Find parametric equations of the line that is tangent to the parabola y = x^2 at the point (−2, 4).

dy/dx = 2x

so at (-2,4) slope is -4

y-4 = -4(x+2)
y-4 = -4x - 8 = k

-4x-8 = k
-4x = k + 8

x = -2 - k/4
y = 4 + k

Parametric equations for linear function ??
Why not just
y = -4x -4 ??

Well, tangents and parabolas can be quite touchy. But fear not! I'll give it a shot with some clownish parametric equations.

Let's start by finding the derivative of the parabola y = x^2. Remember, the derivative gives us the slope of the tangent line at any given point.
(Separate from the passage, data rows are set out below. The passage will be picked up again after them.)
Theorem lemma4p2 (R : realType) (d : nat) (phi Psi : R -> R) :
  (0 < d)%N ->
  admissible_order phi ->
  (forall r : R, 0 < r -> r <= 1 -> 0 < Psi r) ->
  (upper_index phi < lower_index Psi)%E ->
  exists C : R, 0 < C /\
    forall r : R, 0 < r -> r <= 1 ->
      (integral_Rd (fun h : d.-tuple R =>
         (Psi (Num.min (enorm h) r) / (enorm h ^+ d * phi (enorm h)))%:E)
       <= (C * (Psi r / phi r))%:E)%E.
Proof.
move=> d_gt0 phi_adm Psi_gt0 gap.
have phi_gt0 := admissible_order_gt0 phi_adm.
have [al [be [al_lt_be [phi_dec Psi_inc]]]] := upper_lower_index_gap gap.
have [K [K_gt0 ratio_le]] :=
  index_gap_ratio (fun t t_gt0 _ => phi_gt0 t t_gt0) Psi_gt0 phi_dec Psi_inc.
have [c [delta [c_gt0 [delta_gt0 phi_scale]]]] :=
  admissible_order_lower_scaling phi_adm.
have gamma_gt0 : 0 < be - al by rewrite subr_gt0.
set e := Num.min (be - al) 1 / d%:R; set b := delta / d%:R.
have e_gt0 : 0 < e by rewrite divr_gt0 ?ltr0n// lt_min gamma_gt0 ltr01.
have b_gt0 : 0 < b by rewrite divr_gt0 ?ltr0n.
have [J J_gt0 int_majorant] := integral_dyadic_majorant e_gt0 b_gt0.
exists ((K + c^-1) * J ^+ d); split.
  by rewrite mulr_gt0 ?exprn_gt0 ?addr_gt0 ?invr_gt0.
move=> r r_gt0 r_le1; rewrite mulrAC EFinM.
apply: (le_trans _ (integral_Rd_prod_le (@dyadic_majorant_ge0 _ r e b r_gt0)
  (@measurable_dyadic_majorant _ r e b r_gt0) _ d _)).
- apply: ge0_le_integral_Rd => t.
    by rewrite lee_fin kernel_ge0 ?sqrtr_ge0.
  exact: (kernel_le_dyadic_prod phi_gt0 Psi_gt0 K_gt0 c_gt0 gamma_gt0
    (ltW delta_gt0) ratio_le phi_scale t d_gt0 r_gt0 r_le1).
- by rewrite int_majorant.
- by rewrite lee_fin mulr_ge0 ?divr_ge0 ?addr_ge0 ?invr_ge0 ?ltW
    ?Psi_gt0 ?phi_gt0.
Qed.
The derivative of y = x^2 is dy/dx = 2x.

Now, let's find the slope at the point (-2, 4). We substitute x = -2 into the derivative: dy/dx = 2(-2) = -4. So the slope of the tangent at (-2, 4) is -4.

To find parametric equations, we need a starting point on the tangent line. We can choose (-2, 4) as our starting point.

Now, let's find the equation of the tangent line.

Using the point-slope form, we have y - 4 = -4(x + 2). Simplifying, we get y = -4x - 4.

To make it a bit more clownish, let's put it in parametric form!

Let t be the parameter that varies along the tangent line. Our x-coordinate becomes x = t, and our y-coordinate becomes y = -4t - 4.

So, the parametric equations of the tangent line to the parabola y = x^2 at the point (-2, 4) are:

x = t
y = -4t - 4

Hope that puts a clownish spin on the math for you!

To find the parametric equations of the line tangent to the parabola at the point (-2, 4), we need to find the slope of the tangent line at that point.

The derivative of the function y = x^2 will give us the slope of the tangent line at any given point. Differentiating y = x^2 with respect to x, we get:

dy/dx = 2x

Now we can substitute the x-coordinate of the given point (-2, 4) into the derivative to find the slope of the tangent line at that point:

m = dy/dx = 2(-2) = -4

So, the slope of the tangent line is -4.

Now we can use the point-slope form of a linear equation to find the equation of the tangent line. The point-slope form is given by:

y - y1 = m(x - x1)

where (x1, y1) are the coordinates of the given point on the line, and m is the slope of the line.

Using the point (-2, 4) and the slope -4, we can write the equation of the tangent line as:

y - 4 = -4(x - (-2))

Simplifying this equation, we get:

y - 4 = -4(x + 2)

y - 4 = -4x - 8

y = -4x - 4

So, the equation of the tangent line is y = -4x - 4. To express this line as parametric equations, we can assign a parameter t to the x-coordinate:

x = t

Then, we can express y in terms of t by substituting t into the equation of the line:

y = -4t - 4

Therefore, the parametric equations of the line tangent to the parabola y = x^2 at the point (-2, 4) are:

x = t
y = -4t - 4

To find the parametric equations of the line that is tangent to the parabola y = x^2 at the point (-2, 4), we need to find the slope of the tangent line at that point and then use it to determine the parametric equations.

Step 1: Find the derivative of the equation y = x^2.
The derivative of y = x^2 is given by dy/dx = 2x.

Step 2: Evaluate the derivative at the given point (-2, 4).
Substituting x = -2 into the derivative, we have dy/dx = 2(-2) = -4.
This means that the slope of the tangent line at (-2, 4) is -4.

Step 3: Determine the parametric equations using the point-slope form.
The point-slope equation of a line is given by y - y1 = m(x - x1), where (x1, y1) is the given point and m is the slope.

Substituting the point (-2, 4) and the slope -4 into the point-slope equation, we get:
y - 4 = -4(x - (-2))
y - 4 = -4(x + 2)
y - 4 = -4x - 8
y = -4x - 4

So, the parametric equations of the line tangent to the parabola y = x^2 at the point (-2, 4) are:
x = t
y = -4t - 4, where t is the parameter.